**What you will do**
When the word "rewrite" shows up in a line of the data below, copy that whole line.

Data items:
(* Let $p>5$ be a prime, $q=p^h$, and let $\mathcal{F}$ be the projective closure of $ax^n+by^m=1$ over $\mathbb{F}_q$, with $a,b\in\mathbb{F}_q^*$ and $m,n$ positive integers with $n\ge m>2$. If $p\mid(n+1)$ and $p\mid(m-1)$, then $\mathcal{F}$ is $\mathbb{F}_q$-Frobenius classical with respect to conics.
   Context: With $\varphi_0,\dots,\varphi_5$ the monomials of degree 2 in $x,y,1$, $\tau$ separating and $D^{(k)}_\tau$ Hasse derivatives, the $\mathbb{F}_q$-Frobenius order sequence w.r.t. conics is the lexicographically smallest $\nu_0<\dots<\nu_4$ such that the $6\times6$ determinant with first row $(\varphi_j^q)_j$ and rows $(D^{(\nu_i)}_\tau\varphi_j)_j$ is nonzero; the curve is $\mathbb{F}_q$-Frobenius classical w.r.t. conics if $\nu_i=i$ for all $i$. *)

From mathcomp Require Import all_boot all_algebra all_field.
Set Implicit Arguments. Unset Strict Implicit. Unset Printing Implicit Defensive.
Import GRing.Theory.
Local Open Scope ring_scope.

Definition is_hasse_derivation (F K : fieldType) (iota : {rmorphism F -> K})
    (x : K) (D : nat -> K -> K) : Prop :=
  (forall u, D 0%N u = u) /\
  (forall k u v, D k (u + v) = D k u + D k v) /\
  (forall k u v, D k (u * v) = \sum_(i < k.+1) D i u * D (k - i)%N v) /\
  (forall i j u, D i (D j u) = ('C(i + j, i))%:R * D (i + j)%N u) /\
  (forall k c, (0 < k)%N -> D k (iota c) = 0) /\
  D 1%N x = 1 /\ (forall k, (1 < k)%N -> D k x = 0).

Definition transcendental_over (F K : fieldType) (iota : {rmorphism F -> K})
    (x : K) : Prop :=
  forall P : {poly F}, P != 0 -> (map_poly iota P).[x] != 0.

Definition conic_monomials (K : fieldType) (x y : K) (j : 'I_6) : K :=
  nth 0 [:: 1; x; y; x ^+ 2; x * y; y ^+ 2] j.

Definition frob_mx (K : fieldType) (q : nat) (D : nat -> K -> K)
    (phi : 'I_6 -> K) (nu : 'I_5 -> nat) : 'M[K]_6 :=
  \matrix_(i < 6, j < 6)
    (if i == ord0 then phi j ^+ q else D (nu (inord i.-1)) (phi j)).

Definition strictly_incr (nu : 'I_5 -> nat) : Prop :=
  forall i j : 'I_5, (i < j)%N -> (nu i < nu j)%N.

Definition lex_lt (nu mu : 'I_5 -> nat) : Prop :=
  exists i : 'I_5, (forall j : 'I_5, (j < i)%N -> nu j = mu j) /\ (nu i < mu i)%N.

Definition is_frobenius_order_seq (K : fieldType) (q : nat) (D : nat -> K -> K)
    (phi : 'I_6 -> K) (nu : 'I_5 -> nat) : Prop :=
  strictly_incr nu /\ \det (frob_mx q D phi nu) != 0 /\
  (forall mu, strictly_incr mu -> \det (frob_mx q D phi mu) != 0 -> ~ lex_lt mu nu).

Definition frobenius_classical_conics (K : fieldType) (q : nat)
    (D : nat -> K -> K) (x y : K) : Prop :=
  is_frobenius_order_seq q D (conic_monomials x y) (fun i => nat_of_ord i).

From mathcomp Require Import all_boot all_algebra all_field.
From mathcomp Require Import ring zify.
Set Implicit Arguments. Unset Strict Implicit. Unset Printing Implicit Defensive.
Import GRing.Theory.
Local Open Scope ring_scope.

(* Since p divides n + 1 and m - 1, the elements x^(n+1) and y^(m-1) are
   killed by D^(1), hence (as p > 4) by D^(1), ..., D^(4).  So are
   s = 1 / (b y^(m-1)) and t = -a x^(n+1) s, and the curve equation
   b y^m = 1 - a x^n reads y = s + t / x.  The derivatives of order <= 4 of
   1, x, y, x^2, xy = s x + t, y^2 are then those of 1, x, x^2, x^-1, x^-2,
   and solving the linear system shows that any vector in the left kernel of
   the Frobenius matrix vanishes, provided (xy)^q <> s x^q + t.  Were
   (xy)^q = s x^q + t, eliminating y (using b^q = b) would give the relation
   (1 - a x^n)^(m+q-1) x^(qm) = (x^q - a x^(n+1))^m, whose two sides have
   different degrees in x, contradicting the transcendence of x.
   Lexicographic minimality is automatic: strictly increasing sequences
   satisfy nu_i >= i. *)

Lemma natf_fact_neq0_le (R : idomainType) i k :
  (i <= k)%N -> k`!%:R != 0 :> R -> i`!%:R != 0 :> R.
Proof.
by move=> le_ik; rewrite -(bin_fact le_ik) mulnCA natrM mulf_eq0 negb_or => /andP[].
Qed.

Lemma pchar_fact_neq0 (R : idomainType) p k :
  p \in [pchar R] -> (k < p)%N -> k`!%:R != 0 :> R.
Proof.
move=> pR; have p_pr := pcharf_prime pR.
rewrite -(dvdn_pcharf pR); elim: k => [|k IHk] lt_kp.
  by rewrite dvdn1; apply: contraTneq p_pr => ->.
by rewrite factS Euclid_dvdM // negb_or gtnNdvd // IHk // ltnW.
Qed.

**Answer to this problem**
by move=> le_ik; rewrite -(bin_fact le_ik) mulnCA natrM mulf_eq0 negb_or => /andP[].
rewrite -(dvdn_pcharf pR); elim: k => [|k IHk] lt_kp.
  by rewrite dvdn1; apply: contraTneq p_pr => ->.
by rewrite factS Euclid_dvdM // negb_or gtnNdvd // IHk // ltnW.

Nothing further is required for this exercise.